_ASSIGNMENT_
Write out exactly the lines running from the one with "is_epimorphism_onto mul alpha H ->" to the last line of the entries, keeping both the first and the last.

_Recorded data_
■ ■ ■ ■

Theorem proposition3p2 (G : topologicalType) (mul : G -> G -> G) (inv : G -> G)
    (one : G) (H : set G) (alpha : G -> G) :
  is_profinite_group mul inv one ->
  topologically_finitely_generated mul inv one ->
  is_subgroup mul inv one H ->
  finite_index mul H ->
  is_epimorphism_onto mul alpha H ->
  finite_set (hom_kernel one alpha) /\
  (no_nontrivial_finite_normal_subgroup mul inv one -> injective alpha).
Proof.
move=> PG fgG subH finH epi.
have grp : is_group mul inv one by case: PG => -[].
have [gs coverH] := finite_index_coset_cover grp subH finH.
have finK : finite_set (hom_kernel one alpha).
  exact: finite_set_no_injection (kernel_bound PG fgG epi coverH).
have [hom_alpha _ _] := epi.
split => // noN; apply: (hom_injective grp hom_alpha).
exact: noN _ (hom_kernel_normal grp hom_alpha) finK.
Qed.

■ ■ ■ ■

_REPLY_
  is_epimorphism_onto mul alpha H ->
  finite_set (hom_kernel one alpha) /\
  (no_nontrivial_finite_normal_subgroup mul inv one -> injective alpha).
Proof.
move=> PG fgG subH finH epi.
have grp : is_group mul inv one by case: PG => -[].
have [gs coverH] := finite_index_coset_cover grp subH finH.
have finK : finite_set (hom_kernel one alpha).
  exact: finite_set_no_injection (kernel_bound PG fgG epi coverH).
have [hom_alpha _ _] := epi.
split => // noN; apply: (hom_injective grp hom_alpha).
exact: noN _ (hom_kernel_normal grp hom_alpha) finK.
Qed.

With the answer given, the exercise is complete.